(* $11\notin\operatorname{Spec}(32_{65})$.
   Context: $32_{65}$ is the finite integral symmetric relation algebra with atoms $1'$, $a$, $b$, $c$, all symmetric, in which a diversity cycle $xyz$ (with $x,y,z\in\{a,b,c\}$) is mandatory (i.e. $x;y\ge z$) if it involves $a$ and forbidden (i.e. $x;y\cdot z=0$) otherwise. A representation over a set $U$ is an embedding into the full relation algebra on $U\times U$. $\operatorname{Spec}(A)$ is the set of cardinals $\alpha\le\omega$ such that $A$ has a representation over a set of cardinality $\alpha$. *)

From HB Require Import structures.
From mathcomp Require Import all_boot.
Set Implicit Arguments. Unset Strict Implicit. Unset Printing Implicit Defensive.

(* Atoms of 32_65: the identity atom e = 1', and diversity atoms a, b, c. *)
Inductive atom := e | a | b | c.

Definition atom_to_ord (x : atom) : 'I_4 :=
  match x with e => inord 0 | a => inord 1 | b => inord 2 | c => inord 3 end.
Definition ord_to_atom (i : 'I_4) : atom :=
  match val i with 0 => e | 1 => a | 2 => b | _ => c end.
Lemma atom_to_ordK : cancel atom_to_ord ord_to_atom.
Proof. by case; rewrite /ord_to_atom /= inordK. Qed.

HB.instance Definition _ := Equality.copy atom (can_type atom_to_ordK).
HB.instance Definition _ := Choice.copy atom (can_type atom_to_ordK).
HB.instance Definition _ := Countable.copy atom (can_type atom_to_ordK).
HB.instance Definition _ := Finite.copy atom (can_type atom_to_ordK).

Definition atom_conv (x : atom) : atom := x.

(* Composition of atoms: e is the identity; for diversity atoms x, y,
   e <= x;y iff y = converse of x (= x), and a diversity atom z lies below
   x;y iff the cycle xyz is mandatory, i.e. iff it involves a. *)
Definition atom_comp (x y : atom) : {set atom} :=
  match x, y with
  | e, _ => [set y]
  | _, e => [set x]
  | _, _ => [set z | ((z == e) && (y == atom_conv x))
                     || ((z != e) && [|| x == a, y == a | z == a])]
  end.

(* The relation algebra 32_65 = complex algebra of the atom structure:
   elements are sets of atoms; Boolean operations are the set operations. *)
Definition RA := {set atom}.
Definition ra_one : RA := [set e].
Definition ra_conv (X : RA) : RA := [set atom_conv x | x in X].
Definition ra_comp (X Y : RA) : RA :=
  \bigcup_(x in X) \bigcup_(y in Y) atom_comp x y.

Definition rel_id (U : finType) : {set U * U} := [set p | p.1 == p.2].
Definition rel_conv (U : finType) (R : {set U * U}) : {set U * U} :=
  [set p | (p.2, p.1) \in R].
Definition rel_comp (U : finType) (R S : {set U * U}) : {set U * U} :=
  [set p | [exists z, ((p.1, z) \in R) && ((z, p.2) \in S)]].

Definition is_representation (U : finType) (h : RA -> {set U * U}) : Prop :=
  injective h /\
  (forall X Y, h (X :|: Y) = h X :|: h Y) /\
  (forall X, h (~: X) = ~: h X) /\
  h ra_one = rel_id U /\
  (forall X, h (ra_conv X) = rel_conv (h X)) /\
  (forall X Y, h (ra_comp X Y) = rel_comp (h X) (h Y)).

Definition in_Spec (n : nat) : Prop :=
  exists (U : finType) (h : RA -> {set U * U}), #|U| = n /\ is_representation h.

(* A representation labels each pair (u, v) by the unique atom whose image contains it; call u and v
   adjacent when that label is b or c.  Since the cycles avoiding a are forbidden, this graph is
   triangle-free, and since those through a are mandatory, every a-labelled pair has four common
   neighbours (realising bb, cc, bc and cb) and every edge uv lies under an a-a path through a
   vertex w adjacent to neither end, so deg u + deg v <= |U| - 1.  A vertex of degree at most 4
   would have its neighbourhood inside that of each of its |U| - 5 a-neighbours, so any of its
   neighbours would have degree at least |U| - 4, violating the edge bound.  Hence all degrees are
   at least 5, and for |U| = 11 the graph is 5-regular on 11 vertices: impossible by the
   handshake lemma. *)

From mathcomp Require Import all_boot zify.

Set Implicit Arguments.
Unset Strict Implicit.

(* Equality on [atom] is transported from ['I_4] through [inord], whose proofs are opaque, so it
   does not reduce on constructors; [atom_eqE] replaces it by a computing one. *)
Definition atom_eqb (x y : atom) : bool :=
  match x, y with e, e | a, a | b, b | c, c => true | _, _ => false end.

Lemma atom_eqE (x y : atom) : (x == y) = atom_eqb x y.
Proof. by case: x; case: y; rewrite ?eqxx //=; apply/eqP. Qed.

Lemma e_in_comp_diag (x : atom) : e \in atom_comp x x.
Proof. by case: x; rewrite !inE !atom_eqE. Qed.

Lemma mandatory_cycle (x y z : atom) : x != e -> y != e -> z != e ->
  a \in [set x; y; z] -> z \in atom_comp x y.
Proof. by case: x; case: y; case: z; rewrite !inE !atom_eqE. Qed.

Lemma forbidden_cycle (x y z : atom) : x \in [set b; c] -> y \in [set b; c] ->
  z \in [set b; c] -> z \notin atom_comp x y.
Proof. by case: x; case: y; case: z; rewrite !inE !atom_eqE. Qed.

Lemma bc_neq_e (p : atom) : p \in [set b; c] -> p != e.
Proof. by case/set2P => ->; rewrite atom_eqE. Qed.

Section RepresentationLabel.

Variables (U : finType) (h : RA -> {set U * U}).
Hypothesis hrep : is_representation h.

Lemma rep_setU (X Y : RA) : h (X :|: Y) = h X :|: h Y.
Proof. by case: hrep => _ []. Qed.

Lemma rep_setC (X : RA) : h (~: X) = ~: h X.
Proof. by case: hrep => _ [_ []]. Qed.

Lemma rep_sub (X Y : RA) : X \subset Y -> h X \subset h Y.
Proof. by move/setUidPr => <-; rewrite rep_setU subsetUl. Qed.

Definition atom_label (u v : U) : atom := odflt e [pick p | (u, v) \in h [set p]].

Lemma mem_rep_label (u v : U) : (u, v) \in h [set atom_label u v].
Proof.
rewrite /atom_label; case: pickP => [//|none].
have : (u, v) \in h [set: atom] by rewrite -(setUCr [set e]) rep_setU rep_setC setUCr inE.
have -> : [set: atom] = [set e; a; b; c] by apply/setP; case; rewrite !inE !atom_eqE.
by rewrite !rep_setU !inE !none.
Qed.

Lemma mem_rep (X : RA) (u v : U) : ((u, v) \in h X) = (atom_label u v \in X).
Proof.
have [inX | notinX] := boolP (atom_label u v \in X).
  by apply: subsetP (mem_rep_label u v); apply: rep_sub; rewrite sub1set.
have : (u, v) \in h (~: X).
  by apply: subsetP (mem_rep_label u v); apply: rep_sub; rewrite sub1set inE.
by rewrite rep_setC inE => /negbTE.
Qed.

Lemma atom_label_eq_e (u v : U) : (atom_label u v == e) = (u == v).
Proof.
case: hrep => _ [_ [_ [h1 _]]].
by rewrite -[_ == e]in_set1 -mem_rep -/ra_one h1 inE.
Qed.

Lemma atom_label_sym (u v : U) : atom_label u v = atom_label v u.
Proof.
case: hrep => _ [_ [_ [_ [hconv _]]]].
have := mem_rep_label v u.
rewrite -[[set _]]imset_id -/(ra_conv _) hconv inE /= mem_rep in_set1.
by move/eqP.
Qed.

Lemma atom_label_comp (p q : atom) (u w : U) : (atom_label u w \in atom_comp p q) =
  [exists v, (atom_label u v == p) && (atom_label v w == q)].
Proof.
case: hrep => _ [_ [_ [_ [_ hcomp]]]].
have -> : atom_comp p q = ra_comp [set p] [set q] by rewrite /ra_comp !big_set1.
rewrite -mem_rep hcomp inE /=.
by apply: eq_existsb => v; rewrite !mem_rep !in_set1.
Qed.

End RepresentationLabel.

Lemma sum_card_rel_even (T : finType) (r : rel T) :
  symmetric r -> irreflexive r -> ~~ odd (\sum_x #|[set y | r x y]|).
Proof.
move=> r_sym r_irr.
pose f x y := r x y && (enum_rank x < enum_rank y).
have r_split x y : (r x y : nat) = f x y + f y x.
  rewrite /f r_sym; case: (boolP (r y x)) => //= ryx.
  have : (enum_rank x : nat) != enum_rank y.
    by apply: contraTneq ryx => /val_inj /enum_rank_inj ->; rewrite r_irr.
  by case: ltngtP.
have -> : \sum_x #|[set y | r x y]| = \sum_x \sum_y f x y + \sum_x \sum_y f y x.
  rewrite -big_split; apply: eq_bigr => x _.
  rewrite -sum1_card big_mkcond -big_split; apply: eq_bigr => y _ /=.
  by rewrite inE -r_split; case: (r x y).
by rewrite [X in _ + X]exchange_big oddD addbb.
Qed.

Section AtomNetwork.

Variables (U : finType) (lab : U -> U -> atom).
Hypothesis lab_eq_e : forall u v, (lab u v == e) = (u == v).
Hypothesis lab_sym : forall u v, lab u v = lab v u.
Hypothesis lab_comp : forall p q u w,
  (lab u w \in atom_comp p q) = [exists v, (lab u v == p) && (lab v w == q)].

Lemma lab_in_comp (u v w : U) : lab u w \in atom_comp (lab u v) (lab v w).
Proof. by rewrite lab_comp; apply/existsP; exists v; rewrite !eqxx. Qed.

Lemma lab_split (p q : atom) (u w : U) :
  lab u w \in atom_comp p q -> exists v, lab u v = p /\ lab v w = q.
Proof. by rewrite lab_comp => /existsP [v /andP [/eqP ? /eqP ?]]; exists v. Qed.

Lemma lab_diag (u : U) : lab u u = e.
Proof. by apply/eqP; rewrite lab_eq_e. Qed.

Lemma exists_lab (p : atom) (u : U) : exists v, lab u v = p.
Proof.
have : lab u u \in atom_comp p p by rewrite lab_diag e_in_comp_diag.
by case/lab_split => v [? _]; exists v.
Qed.

Definition adj : rel U := fun u v => lab u v \in [set b; c].
Definition nbhd (u : U) : {set U} := [set v | adj u v].
Definition a_nbhd (u : U) : {set U} := [set v | lab u v == a].

Lemma adj_sym : symmetric adj.
Proof. by move=> u v; rewrite /adj lab_sym. Qed.

Lemma adj_irr : irreflexive adj.
Proof. by move=> u; rewrite /adj lab_diag !inE !atom_eqE. Qed.

Lemma adj_triangle_free (u v w : U) : adj u v -> adj v w -> ~~ adj u w.
Proof.
move=> uv vw; apply/negP => uw.
by have := lab_in_comp u v w; rewrite (negbTE (forbidden_cycle uv vw uw)).
Qed.

Lemma exists_adj (u : U) : exists v, adj u v.
Proof. by have [v uv] := exists_lab b u; exists v; rewrite /adj uv !inE eqxx. Qed.

Lemma card_nbhd_a_nbhd (u : U) : #|nbhd u| + #|a_nbhd u| = #|U|.-1.
Proof.
rewrite -(cardsC1 u).
have -> : [set~ u] = nbhd u :|: a_nbhd u.
  apply/setP => v; rewrite !inE /adj eq_sym -lab_eq_e.
  by case: (lab u v); rewrite !inE !atom_eqE.
rewrite cardsU; have -> : nbhd u :&: a_nbhd u = set0.
  by apply/setP => v; rewrite !inE /adj; case: (lab u v); rewrite !inE !atom_eqE.
by rewrite cards0 subn0.
Qed.

Lemma card_nbhd_edge (u v : U) : adj u v -> #|nbhd u| + #|nbhd v| <= #|U|.-1.
Proof.
move=> uv.
have [w [uw wv]] : exists w, lab u w = a /\ lab w v = a.
  by apply/lab_split/mandatory_cycle; rewrite ?(bc_neq_e uv) ?atom_eqE // !inE eqxx.
have disj : nbhd u :&: nbhd v = set0.
  apply/setP => z; rewrite in_set0 in_setI !in_set; apply/negP => /andP [uz vz].
  by case/negP: (adj_triangle_free uz (etrans (adj_sym z v) vz)).
have sub : nbhd u :|: nbhd v \subset [set~ w].
  apply/subsetP => z; rewrite in_setC1 in_setU !in_set; apply: contraL => /eqP ->.
  by rewrite /adj uw lab_sym wv !inE !atom_eqE.
by rewrite -(cardsC1 w) -[_ + _]subn0 -(cards0 U) -disj -cardsU subset_leq_card.
Qed.

Lemma card_common_nbhd (u m : U) : lab u m = a -> 4 <= #|nbhd u :&: nbhd m|.
Proof.
move=> um.
have sub : setX [set b; c] [set b; c]
    \subset [set (lab u w, lab w m) | w in nbhd u :&: nbhd m].
  apply/subsetP => -[p q]; rewrite in_setX => /andP [bp bq].
  have [w [uw wm]] : exists w, lab u w = p /\ lab w m = q.
    apply/lab_split; rewrite um mandatory_cycle ?(bc_neq_e bp) ?(bc_neq_e bq) ?atom_eqE //.
    by rewrite !inE eqxx !orbT.
  apply/imsetP; exists w; last by rewrite uw wm.
  by rewrite in_setI !in_set /adj uw lab_sym wm bp bq.
have card_bc2 : #|setX [set b; c] [set b; c]| = 4 by rewrite cardsX cards2 atom_eqE.
by rewrite -card_bc2 (leq_trans (subset_leq_card sub)) ?leq_imset_card.
Qed.

Lemma nbhd_sub_small (u m : U) :
  lab u m = a -> #|nbhd u| <= 4 -> nbhd u \subset nbhd m.
Proof.
move=> um small; have common := card_common_nbhd um.
have -> : nbhd u = nbhd u :&: nbhd m.
  by apply/esym/eqP; rewrite eqEcard subsetIl (leq_trans small common).
exact: subsetIr.
Qed.

Lemma card_nbhd_ge5 (u : U) : 5 <= #|nbhd u|.
Proof.
rewrite leqNgt; apply/negP => small.
have [m um] := exists_lab a u.
have card4 : #|nbhd u| = 4.
  apply/eqP; rewrite eqn_leq -ltnS small.
  by rewrite (leq_trans (card_common_nbhd um)) ?subset_leq_card ?subsetIl.
have [v uv] := exists_adj u.
have sub : u |: a_nbhd u \subset nbhd v.
  apply/subsetP => z /setU1P [-> | ]; first by rewrite in_set adj_sym.
  rewrite in_set => /eqP uz.
  have : v \in nbhd z by apply: (subsetP (nbhd_sub_small uz _)); rewrite ?card4 ?in_set.
  by rewrite !in_set adj_sym.
have := subset_leq_card sub; rewrite cardsU1 in_set lab_diag atom_eqE /=.
have := card_nbhd_edge uv; have := card_nbhd_a_nbhd u; lia.
Qed.

Lemma card_nbhd_eq5 (u : U) : #|U| = 11 -> #|nbhd u| = 5.
Proof.
move=> U11; have [v uv] := exists_adj u.
have := card_nbhd_edge uv; have := card_nbhd_ge5 u; have := card_nbhd_ge5 v.
rewrite U11; lia.
Qed.

Lemma network_card_neq11 : #|U| != 11.
Proof.
apply/eqP => U11; have := sum_card_rel_even adj_sym adj_irr.
by rewrite (eq_bigr (fun _ => 5)) => [|u _]; rewrite ?sum_nat_const ?U11 ?card_nbhd_eq5.
Qed.

End AtomNetwork.

Theorem mainTheorem5 : ~ in_Spec 11.
Proof.
case=> U [h [U11 hrep]].
have := network_card_neq11 (atom_label_eq_e hrep) (atom_label_sym hrep) (atom_label_comp hrep).
by rewrite U11.
Qed.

• PROBLEM REQUIREMENTS:
Extract every line of the records above that contains the word "Variables".

• WRITTEN ANSWER:
Variables (U : finType) (h : RA -> {set U * U}).
Variables (U : finType) (lab : U -> U -> atom).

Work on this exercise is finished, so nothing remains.